**TASK REQUIREMENTS**
Would you return, word for word, the lines of the data below from the line with "case: (arg_minnP (fun" through the line with "apply/subsetP => z;", and no others?

______

(* Let $\mathcal{M}$ be a matroid on $[n]$, $\ell$ an integer, and $\gamma$ an $\ell$-cover of $\mathcal{M}$. Let $F$ be a focal basis of $\gamma$ and let $G\in\mathcal{B}(\mathcal{M})$. Then: (1) For any $A\subseteq F-G$ and any $B\subseteq G-F$ such that $(F-A)\cup B\in\mathcal{B}(\mathcal{M})$, we have $\gamma(A)\leq\gamma(B)$, and if $A\subseteq\operatorname{supp}\gamma$ then $B\subseteq\operatorname{supp}\gamma$. (2) For any bijection $\sigma:F-G\to G-F$ such that $(F-i)\cup\sigma(i)\in\mathcal{B}(\mathcal{M})$ for every $i\in F-G$ (such a bijection always exists), we have $\gamma(i)\leq\gamma(\sigma(i))$ for all $i\in F-G$. Suppose moreover that $G$ is also a focal basis of $\gamma$. Then: (3) If $A,B$ are as in (1) and additionally $(G-B)\cup A\in\mathcal{B}(\mathcal{M})$, then $\gamma(A)=\gamma(B)$, and $A\subseteq\operatorname{supp}\gamma$ if and only if $B\subseteq\operatorname{supp}\gamma$. (4) For $\sigma$ as in (2), $\gamma(i)=\gamma(\sigma(i))$ for all $i\in F-G$.
   Context: $\mathcal{B}(\mathcal{M})$ is the set of bases of $\mathcal{M}$. For $\gamma:[n]\to\mathbb{N}_0$ and $S\subseteq[n]$, $\gamma(S)=\sum_{i\in S}\gamma(i)$ and $\operatorname{supp}\gamma=\{i:\gamma(i)>0\}$. $\gamma$ is an $\ell$-cover of $\mathcal{M}$ if $\gamma(F)\geq\ell$ for every basis $F$. A basis $F$ is a focal basis of $\gamma$ if $\gamma(F)=\ell$. *)

From mathcomp Require Import all_boot all_order all_algebra.
Set Implicit Arguments. Unset Strict Implicit. Unset Printing Implicit Defensive.
Import GRing.Theory Num.Theory.

Definition basis_exchange (n : nat) (B : {set {set 'I_n}}) : Prop :=
  forall B1 B2, B1 \in B -> B2 \in B ->
    forall x, x \in B1 :\: B2 ->
      exists2 y, y \in B2 :\: B1 & (B1 :\ x) :|: [set y] \in B.

Record matroid (n : nat) := Matroid {
  bases : {set {set 'I_n}};
  bases_nonempty : bases != set0;
  bases_exchange : basis_exchange bases }.

Definition wt (n : nat) (g : 'I_n -> nat) (S : {set 'I_n}) : nat :=
  \sum_(i in S) g i.

Definition supp (n : nat) (g : 'I_n -> nat) : {set 'I_n} := [set i | 0 < g i].

Definition is_cover (n : nat) (M : matroid n) (l : int) (g : 'I_n -> nat) : Prop :=
  forall F, F \in bases M -> (l <= Posz (wt g F))%R.

Definition focal (n : nat) (M : matroid n) (l : int) (g : 'I_n -> nat)
  (F : {set 'I_n}) : Prop :=
  F \in bases M /\ Posz (wt g F) = l.

Definition exch_bij (n : nat) (M : matroid n) (F G : {set 'I_n})
  (sigma : 'I_n -> 'I_n) : Prop :=
  [/\ {in F :\: G &, injective sigma},
      sigma @: (F :\: G) = G :\: F &
      forall i, i \in F :\: G -> (F :\ i) :|: [set sigma i] \in bases M].

From mathcomp Require Import all_boot all_order all_algebra.
Set Implicit Arguments. Unset Strict Implicit. Unset Printing Implicit Defensive.

(* Exchanging A for B in the focal basis F yields a basis, whose weight is at
   least l = g(F); this is the inequality in (1). Symmetric exchange pairs each
   b in B with some a in A such that F - a + b is a basis, so g a <= g b, which
   gives the support claim, and iterated symmetric exchange builds the
   bijection of (2). When G is focal too, g(F - G) = g(G - F), so the termwise
   inequalities g i <= g (sigma i) must all be equalities. *)

Section SetSwap.
Variable T : finType.
Implicit Types (S C : {set T}) (x y : T).

Lemma cards_swap S x y : x \in S -> y \notin S -> #|S :\ x :|: [set y]| = #|S|.
Proof.
move=> xS yS; rewrite setUC cardsU1 (cardsD1 x S) xS.
by rewrite inE (negbTE yS) andbF.
Qed.

Lemma setD_swapl S C x y : y \in C -> (S :\ x :|: [set y]) :\: C = (S :\: C) :\ x.
Proof.
move=> yC; apply/setP => z; rewrite !inE.
case: (z =P y) => [->|_]; first by rewrite yC /= andbF.
by rewrite orbF andbCA.
Qed.

Lemma setD_swapr S C x y : x \notin C -> C :\: (S :\ x :|: [set y]) = (C :\: S) :\ y.
Proof.
move=> xC; apply/setP => z; rewrite !inE.
case: (z =P x) => [->|_]; first by rewrite (negbTE xC) !andbF.
by case: (z \in S); case: (z == y).
Qed.

Lemma swapK S x y : x \in S -> y \notin S -> (S :\ x :|: [set y]) :\ y :|: [set x] = S.
Proof.
move=> xS yS; apply/setP => z; rewrite !inE.
case: (z =P x) => [->|_]; first by rewrite xS orbT.
by case: (z =P y) => [->|_]; rewrite ?(negbTE yS) ?orbF.
Qed.

Lemma swap_of_card S C x : x \in S -> x \notin C -> S :\ x \subset C ->
  #|C| = #|S| -> exists2 y, y \in C :\: S & C = S :\ x :|: [set y].
Proof.
move=> xS xC sSC cardC.
have : ~~ (C \subset S :\ x).
  by apply: contraTN isT => /subset_leq_card; rewrite cardC (cardsD1 x S) xS ltnn.
case/subsetPn => y yC ySx.
have yx : y != x by apply: contraNneq xC => <-.
have yS : y \notin S by move: ySx; rewrite in_setD1 yx.
exists y; first by rewrite inE yC yS.
apply/esym/eqP; rewrite eqEcard cards_swap // cardC leqnn andbT.
by rewrite subUset sSC sub1set.
Qed.

Lemma disjoint_setD S C : [disjoint S :\: C & C].
Proof. by rewrite disjoints_subset setDE subsetIr. Qed.

Lemma injective_setU1 (U : finType) (f : T -> U) (D : {set T}) x :
  {in D &, injective f} -> f x \notin f @: D -> {in x |: D &, injective f}.
Proof.
move=> injf fxD i j; rewrite !in_setU1.
have neq_fx k : k \in D -> f k != f x.
  by move=> kD; apply: contraNneq fxD => <-; apply: imset_f.
case/predU1P=> [->|iD] /predU1P[->|jD] // => [fx_fj|fi_fx|]; last exact: injf.
- by have := neq_fx j jD; rewrite fx_fj eqxx.
- by have := neq_fx i iD; rewrite fi_fx eqxx.
Qed.

End SetSwap.

Section Matroid.
Variables (n : nat) (M : matroid n).
Implicit Types (B P Q I : {set 'I_n}).

Lemma basis_subset_eq B1 B2 :
  B1 \in bases M -> B2 \in bases M -> B1 \subset B2 -> B1 = B2.
Proof.
move=> hB1 hB2 sB12; apply/eqP; rewrite eqEsubset sB12 /=.
apply/subsetP => z zB2; apply: contraT => zB1.
have zD : z \in B2 :\: B1 by rewrite inE zB1.
have [y] := bases_exchange hB2 hB1 zD.
by rewrite inE => /andP[/negP yB2 /(subsetP sB12)].
Qed.

Lemma card_bases B1 B2 : B1 \in bases M -> B2 \in bases M -> #|B1| = #|B2|.
Proof.
move: {2}#|B1 :\: B2| (erefl #|B1 :\: B2|) => k.
elim: k B1 => [|k IH] B1 cardD hB1 hB2.
  by move/eqP: cardD; rewrite cards_eq0 setD_eq0 => /(basis_subset_eq hB1 hB2) ->.
have [x xD] : exists x, x \in B1 :\: B2 by apply/set0Pn; rewrite -card_gt0 cardD.
have [y yD hB] := bases_exchange hB1 hB2 xD.
move: (xD) (yD); rewrite !inE => /andP[_ xB1] /andP[yB1 yB2].
rewrite -(cards_swap xB1 yB1); apply: IH => //.
by rewrite setD_swapl //; move: cardD; rewrite (cardsD1 x) xD => -[].
Qed.

(* Take a basis containing I that has as few elements outside I :|: B as
   possible; an element outside can be exchanged for one of B. *)
Lemma extend_to_basis I B0 B : B0 \in bases M -> I \subset B0 -> B \in bases M ->
  exists B', [/\ B' \in bases M, I \subset B' & B' \subset I :|: B].
Proof.
move=> hB0 sIB0 hB.
pose P C := (C \in bases M) && (I \subset C).
have PB0 : P B0 by rewrite /P hB0 sIB0.
case: (arg_minnP (fun C => #|C :\: (I :|: B)|) PB0) => B' /andP[hB' sIB'] minB'.
exists B'; split=> //; rewrite -setD_eq0; apply: contraTT isT => /set0Pn[z zD].
move: (zD); rewrite !inE negb_or => /andP[/andP[zI zB] zB'].
have zB'B : z \in B' :\: B by rewrite inE zB zB'.
have [y yD hB'y] := bases_exchange hB' hB zB'B.
have yIB : y \in I :|: B by move: yD; rewrite !inE => /andP[_ ->]; rewrite orbT.
have := minB' (B' :\ z :|: [set y]); rewrite setD_swapl // (cardsD1 z (B' :\: _)) zD ltnn.
apply; rewrite /P hB'y /=; apply/subsetP => w wI.
by rewrite !inE (subsetP sIB' _ wI) andbT; case: (w =P z) => // wz; rewrite -wz wI in zI.
Qed.

(* With Z the set of y in Q for which Q - y + x is a basis, no basis
   containing Z contains x; a basis spanned by Z and P, extended from P - x,
   then supplies the element y of Z. *)
Lemma symmetric_exchange P Q x : P \in bases M -> Q \in bases M -> x \in P :\: Q ->
  exists2 y, y \in Q :\: P &
    P :\ x :|: [set y] \in bases M /\ Q :\ y :|: [set x] \in bases M.
Proof.
move=> hP hQ; rewrite inE => /andP[xQ xP].
pose Z := [set y in Q | Q :\ y :|: [set x] \in bases M].
have sZQ : Z \subset Q by apply/subsetP => y; rewrite inE => /andP[].
have Z_avoids_x B : B \in bases M -> Z \subset B -> x \notin B.
  move=> hB sZB; apply/negP => xB.
  have sxZB : x |: Z \subset B by rewrite subUset sub1set xB.
  have [B' [hB' sxZB' sB'xQ]] := extend_to_basis hB sxZB hQ.
  have xB' : x \in B' by rewrite (subsetP sxZB') ?setU11.
  have sB'Q : B' :\ x \subset Q.
    apply/subsetP => z; rewrite in_setD1 => /andP[zx /(subsetP sB'xQ)].
    by rewrite in_setU in_setU1 (negbTE zx) /= => /orP[/(subsetP sZQ)|].
  have [y] := swap_of_card xB' xQ sB'Q (card_bases hQ hB').
  rewrite inE => /andP[yB' yQ] defQ.
  have yZ : y \in Z by rewrite inE yQ defQ swapK.
  by case/negP: yB'; apply: (subsetP sxZB'); rewrite in_setU1 yZ orbT.
have [B' [hB' sZB' sB'ZP]] := extend_to_basis hQ sZQ hP.
have [B'' [hB'' sPB'' sB''PB']] := extend_to_basis hP (subD1set P x) hB'.
have xB'' : x \notin B''.
  by apply: contra (Z_avoids_x _ hB' sZB') => /(subsetP sB''PB'); rewrite !inE eqxx.
have [y] := swap_of_card xP xB'' sPB'' (card_bases hB'' hP).
rewrite inE => /andP[yP yB''] defB''.
have yB' : y \in B'.
  by move: (subsetP sB''PB' y yB''); rewrite in_setU in_setD1 (negbTE yP) andbF.
have : y \in Z by move: (subsetP sB'ZP y yB'); rewrite in_setU (negbTE yP) orbF.
rewrite inE => /andP[yQ hQy].
by exists y; rewrite ?inE ?yP ?yQ // -defB''.
Qed.

(* A symmetric exchange of x in F :\: G against y moves G one step towards F;
   sigma sends x to y. *)
Lemma exch_bij_exists F G : F \in bases M -> G \in bases M ->
  exists sigma, exch_bij M F G sigma.
Proof.
move: {2}#|F :\: G| (erefl #|F :\: G|) => k.
elim: k G => [|k IH] G cardD hF hG.
  move/eqP: cardD; rewrite cards_eq0 setD_eq0 => /(basis_subset_eq hF hG) <-.
  by exists id; split; rewrite ?setDv ?imset0 // => i; rewrite inE.
have [x xD] : exists x, x \in F :\: G by apply/set0Pn; rewrite -card_gt0 cardD.
have [y yD [hFy hGx]] := symmetric_exchange hF hG xD.
move: (xD) (yD); rewrite !inE => /andP[xG xF] /andP[yF yG].
have DxG' : F :\: (G :\ y :|: [set x]) = (F :\: G) :\ x by rewrite setD_swapr.
have DyG' : (G :\ y :|: [set x]) :\: F = (G :\: F) :\ y by rewrite setD_swapl.
have [|s [injs ims hs]] := IH (G :\ y :|: [set x]) _ hF hGx.
  by rewrite DxG'; move: cardD; rewrite (cardsD1 x) xD => -[].
pose sigma i := if i == x then y else s i.
have sigmaE : {in (F :\: G) :\ x, sigma =1 s}.
  by move=> i; rewrite /sigma in_setD1 => /andP[/negbTE ->].
have defD : F :\: G = x |: (F :\: G) :\ x by rewrite setD1K.
have imsigma : sigma @: ((F :\: G) :\ x) = (G :\: F) :\ y.
  by rewrite (eq_in_imset sigmaE) -DyG' -ims DxG'.
exists sigma; split.
- rewrite defD; apply: injective_setU1; last by rewrite imsigma /sigma eqxx setD11.
  by move=> i j iD jD; rewrite !sigmaE // => /injs; apply; rewrite DxG'.
- by rewrite defD imsetU1 imsigma /sigma eqxx setD1K.
- move=> i iD; rewrite /sigma; case: eqP => [->|/eqP ix] //.
  by apply: hs; rewrite DxG' in_setD1 ix.
Qed.

End Matroid.

Section Weight.
Variables (n : nat) (g : 'I_n -> nat).
Implicit Types (A B F : {set 'I_n}).

Lemma wt_set1 i : wt g [set i] = g i.
Proof. by rewrite /wt big_set1. Qed.

Lemma wtU A B : [disjoint A & B] -> wt g (A :|: B) = wt g A + wt g B.
Proof.
by move=> dAB; rewrite /wt -(bigU _ _ _ dAB); apply: eq_bigl => i; rewrite inE.
Qed.

Lemma wt_exchange F A B : A \subset F -> [disjoint B & F] ->
  wt g ((F :\: A) :|: B) + wt g A = wt g F + wt g B.
Proof.
move=> sAF dBF; rewrite wtU; last first.
  by rewrite disjoint_sym (disjointWr (subsetDl F A) dBF).
rewrite /wt (@big_setID _ _ _ _ F A) (setIidPr sAF) /=.
by rewrite addnAC [_ + \sum_(i in A) _]addnC.
Qed.

End Weight.

Section Focal.
Variables (n : nat) (M : matroid n) (l : int) (g : 'I_n -> nat) (F : {set 'I_n}).
Hypotheses (coverg : is_cover M l g) (focalF : focal M l g F).
Implicit Types (A B G : {set 'I_n}).

Lemma focal_wt_le A B : A \subset F -> [disjoint B & F] ->
  (F :\: A) :|: B \in bases M -> wt g A <= wt g B.
Proof.
move=> sAF dBF hB; have := coverg hB; rewrite -focalF.2 lez_nat => leF.
by rewrite -(leq_add2l (wt g F)) -(wt_exchange g sAF dBF) leq_add2r.
Qed.

Lemma focal_swap_le i j : i \in F -> j \notin F -> F :\ i :|: [set j] \in bases M ->
  g i <= g j.
Proof.
by move=> iF jF; rewrite -!wt_set1; apply: focal_wt_le; rewrite ?sub1set ?disjoints1.
Qed.

Lemma focal_dominated A B : A \subset F -> [disjoint B & F] ->
  (F :\: A) :|: B \in bases M -> forall b, b \in B -> exists2 a, a \in A & g a <= g b.
Proof.
move=> sAF dBF hB b bB.
have bF : b \notin F by rewrite -disjoints1 (disjointWl _ dBF) ?sub1set.
have bD : b \in ((F :\: A) :|: B) :\: F by rewrite !inE bB orbT andbT.
have [a] := symmetric_exchange hB focalF.1 bD.
rewrite !inE negb_or => /andP[/andP[aFA _] aF] [_ hFa].
by exists a; [move: aFA; rewrite aF andbT negbK | exact: focal_swap_le].
Qed.

Lemma focal_supp A B : A \subset F -> [disjoint B & F] ->
  (F :\: A) :|: B \in bases M -> A \subset supp g -> B \subset supp g.
Proof.
move=> sAF dBF hB sAsupp; apply/subsetP => b bB.
have [a aA le_ab] := focal_dominated sAF dBF hB bB.
by move: (subsetP sAsupp a aA); rewrite !inE => /leq_trans; apply.
Qed.

Lemma focal_exchange G A B : A \subset F :\: G -> B \subset G :\: F ->
  (F :\: A) :|: B \in bases M ->
  wt g A <= wt g B /\ (A \subset supp g -> B \subset supp g).
Proof.
move=> sA sB hB; have sAF := subset_trans sA (subsetDl F G).
have dBF := disjointWl sB (disjoint_setD G F).
by split; [exact: focal_wt_le | exact: focal_supp].
Qed.

Lemma focal_exch_bij_le G sigma : exch_bij M F G sigma ->
  forall i, i \in F :\: G -> g i <= g (sigma i).
Proof.
case=> _ imsigma hsigma i iD; apply: focal_swap_le (hsigma i iD).
  by move: iD; rewrite inE => /andP[].
by have := imset_f sigma iD; rewrite imsigma inE => /andP[].
Qed.

End Focal.

Section TwoFocal.
Variables (n : nat) (M : matroid n) (l : int) (g : 'I_n -> nat) (F G : {set 'I_n}).
Hypotheses (coverg : is_cover M l g) (focalF : focal M l g F) (focalG : focal M l g G).

Lemma focal_wt_setD : wt g (F :\: G) = wt g (G :\: F).
Proof.
have : wt g F = wt g G by apply/eqP; rewrite -eqz_nat focalF.2 focalG.2.
by rewrite /wt (big_setID G) [in RHS](big_setID F) setIC => /addnI.
Qed.

(* sigma is nondecreasing on F :\: G, yet maps it onto G :\: F, which has the
   same weight. *)
Lemma focal_exch_bij_eq sigma : exch_bij M F G sigma ->
  forall i, i \in F :\: G -> g i = g (sigma i).
Proof.
move=> hsigma i iD; have le_sigma := focal_exch_bij_le coverg focalF hsigma.
have [injsigma imsigma _] := hsigma.
have sum_eq : \sum_(j in F :\: G) g j = \sum_(j in F :\: G) g (sigma j).
  by rewrite -(big_imset _ injsigma) imsigma; exact: focal_wt_setD.
have := (leqif_sum (fun j jD => leqif_eq (le_sigma j jD))).2.
by rewrite sum_eq eqxx => /esym/forall_inP/(_ i iD)/eqP.
Qed.

End TwoFocal.

Theorem lemma3p3 (n : nat) (M : matroid n) (l : int) (g : 'I_n -> nat)
  (F G : {set 'I_n}) :
  is_cover M l g -> focal M l g F -> G \in bases M ->
  (* (1) *)
  (forall A B : {set 'I_n}, A \subset F :\: G -> B \subset G :\: F ->
     (F :\: A) :|: B \in bases M ->
     (wt g A <= wt g B)%N /\ (A \subset supp g -> B \subset supp g)) /\
  (* (2): such a bijection exists, and every such bijection is nondecreasing *)
  ((exists sigma, exch_bij M F G sigma) /\
   forall sigma, exch_bij M F G sigma ->
     forall i, i \in F :\: G -> (g i <= g (sigma i))%N) /\
  (focal M l g G ->
   (* (3) *)
   (forall A B : {set 'I_n}, A \subset F :\: G -> B \subset G :\: F ->
      (F :\: A) :|: B \in bases M -> (G :\: B) :|: A \in bases M ->
      wt g A = wt g B /\ (A \subset supp g <-> B \subset supp g)) /\
   (* (4) *)
   (forall sigma, exch_bij M F G sigma ->
      forall i, i \in F :\: G -> g i = g (sigma i))).
Proof.
move=> coverg focalF hG; split=> [A B sA sB hB|].
  exact: (focal_exchange coverg focalF sA sB hB).
split; first split.
- exact: exch_bij_exists focalF.1 hG.
- by move=> sigma; exact: (focal_exch_bij_le coverg focalF).
move=> focalG; split=> [A B sA sB hFAB hGBA|].
  have [leAB suppAB] := focal_exchange coverg focalF sA sB hFAB.
  have [leBA suppBA] := focal_exchange coverg focalG sB sA hGBA.
  by split; [apply/eqP; rewrite eqn_leq leAB leBA | split].
exact: (focal_exch_bij_eq coverg focalF focalG).
Qed.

______

**WRITTEN SOLUTION**
case: (arg_minnP (fun C => #|C :\: (I :|: B)|) PB0) => B' /andP[hB' sIB'] minB'.
exists B'; split=> //; rewrite -setD_eq0; apply: contraTT isT => /set0Pn[z zD].
move: (zD); rewrite !inE negb_or => /andP[/andP[zI zB] zB'].
have zB'B : z \in B' :\: B by rewrite inE zB zB'.
have [y yD hB'y] := bases_exchange hB' hB zB'B.
have yIB : y \in I :|: B by move: yD; rewrite !inE => /andP[_ ->]; rewrite orbT.
have := minB' (B' :\ z :|: [set y]); rewrite setD_swapl // (cardsD1 z (B' :\: _)) zD ltnn.
apply; rewrite /P hB'y /=; apply/subsetP => w wI.
by rewrite !inE (subsetP sIB' _ wI) andbT; case: (w =P z) => // wz; rewrite -wz wI in zI.
Qed.

(* With Z the set of y in Q for which Q - y + x is a basis, no basis
   containing Z contains x; a basis spanned by Z and P, extended from P - x,
   then supplies the element y of Z. *)
Lemma symmetric_exchange P Q x : P \in bases M -> Q \in bases M -> x \in P :\: Q ->
  exists2 y, y \in Q :\: P &
    P :\ x :|: [set y] \in bases M /\ Q :\ y :|: [set x] \in bases M.
Proof.
move=> hP hQ; rewrite inE => /andP[xQ xP].
pose Z := [set y in Q | Q :\ y :|: [set x] \in bases M].
have sZQ : Z \subset Q by apply/subsetP => y; rewrite inE => /andP[].
have Z_avoids_x B : B \in bases M -> Z \subset B -> x \notin B.
  move=> hB sZB; apply/negP => xB.
  have sxZB : x |: Z \subset B by rewrite subUset sub1set xB.
  have [B' [hB' sxZB' sB'xQ]] := extend_to_basis hB sxZB hQ.
  have xB' : x \in B' by rewrite (subsetP sxZB') ?setU11.
  have sB'Q : B' :\ x \subset Q.
    apply/subsetP => z; rewrite in_setD1 => /andP[zx /(subsetP sB'xQ)].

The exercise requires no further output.